Community groups, themselves end-users of health care, are well-positioned to keep the health system accountable, provide feedback on the quality of services, and identify emerging health concerns. However, many community groups are perpetually excluded from accessing and using health information. Using qualitative, ethnographic methods, this paper investigates different strategies used by the Movement for Change and Social Justice (MCSJ), a local health activism group, to collect, use, and distribute health information to improve health care in Gugulethu, a low-income neighbourhood in Cape Town, South Africa.

The paper begins by providing background on health information use and exchange in Sub Saharan Africa, including in South Africa, where district-based integrated health information systems have emerged in the past 25 years but are mostly inaccessible to non-health actors, such as community activists. In the absence of community-based health information systems (CBHISs) in South Africa, clinic committees have been established to monitor the performance of health facilities through ongoing engagement with health workers and community members. Other strategies used to improve community engagement with health information systems are community monitoring, citizen report cards (CRCs), community score cards (CSCs), and social audits, which enable communities to collect their own information to improve services, create access to health services, and change the behaviour of healthcare providers (HCPs).

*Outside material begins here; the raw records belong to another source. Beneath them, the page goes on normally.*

Lemma RR_homZ_embedding (phi : R -> D) : zmod_morphism phi -> injective phi ->
  exists j : {linear RR R -> homZ}, injective j.
Proof.
move=> phiB phi_inj.
have jB (r : R) : zmod_morphism (fun s => phi (r * s)) by move=> x y; rewrite mulrBr phiB.
pose j (r : RR R) := HomZ (jB r).
have jL : linear j.
  move=> a r r'; apply: homZ_ext => s /=.
  by rewrite mulrDl (zmod_morphismD phiB) mulrA.
exists (mkLinear jL) => r r' /(congr1 (fun f : homZ => f 1)) /=.
by rewrite !mulr1 => /phi_inj.
Qed.

End HomZ.

(* [functions] provides the pointwise Z-module structure on [T -> D]; it is
   imported only inside this section because it also exports an [incl]. *)
Section FunctionSpaceCogenerator.
Import functions.

Lemma divisible_fun (T : Type) (D : zmodType) : divisible D -> divisible (T -> D).
Proof.
move=> Ddiv f n n0; have dP t := Ddiv (f t) n n0.
by exists (fun t => sval (cid (dP t))); rewrite natmulfctE; apply/funext => t; case: cid.
Qed.

Lemma QZ_embedding (C : zmodType) :
  exists phi : C -> (C -> QZ), zmod_morphism phi /\ injective phi.
Proof.
have chiP (t : C) : exists chi : C -> QZ, zmod_morphism chi /\ (t != 0 -> chi t != 0).
  have [->|t_neq0] := eqVneq t 0; last first.
    by have [chi [chiB chit]] := QZ_character t_neq0; exists chi.
  by exists (fun=> 0); split => // *; rewrite subrr.
pose phi x t := sval (cid (chiP t)) x.
have phiB : zmod_morphism phi.
  move=> x y; apply/funext => t; rewrite opprfctE addrfctE /phi /=.
  by have [chiB _] := svalP (cid (chiP t)); apply: chiB.
exists phi; split => // x y /(congr1 (fun f => f (x - y))); rewrite /phi => e.
have [chiB chi_sep] := svalP (cid (chiP (x - y))).
by apply/eqP; rewrite -subr_eq0; apply/negPn/negP => /chi_sep; rewrite chiB e subrr eqxx.
Qed.

Lemma RR_injective_hull (R : nzRingType) :
  exists E : rmodType R, injective_module E /\ exists j : {linear RR R -> E}, injective j.
Proof.
have [phi [phiB phi_inj]] := QZ_embedding R.
exists (homZ R (R -> QZ)); split; first exact/homZ_injective/divisible_fun/QZ_divisible.
exact: RR_homZ_embedding phiB phi_inj.
Qed.

End FunctionSpaceCogenerator.

Section RightModules.
Variable R : nzRingType.
Implicit Types M P A E : rmodType R.

Lemma scale_linear M (x : M) : linear (fun r : RR R => (r : R^c) *: x).
Proof. by move=> a r r'; rewrite scalerDl -scalerA. Qed.

Lemma RR_projective : projective_module (RR R).
Proof.
move=> B C p p_surj f; have [b pb] := p_surj (f 1).
exists (mkLinear (scale_linear b)) => r /=.
by rewrite linearZ pb -linearZ /= [_ *: _]mulr1.
Qed.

As detailed here, Mandla Majola, an experienced HIV activist from Gugulethu, established MCSJ in 2016 to develop short- and long-term health campaigns to improve the quality of and access to health services in Gugulethu and neighbouring areas (see Boxes 1-4 in the paper, as well as the video below). Information played a central role in these campaigns, and MCSJ employed creative various strategies to access, collect, use and/or distribute health information. MCSJ initially started with 15-20 committed activists, but has grown significantly, establishing branches (offices) in other low-income neighbourhoods in Cape Town.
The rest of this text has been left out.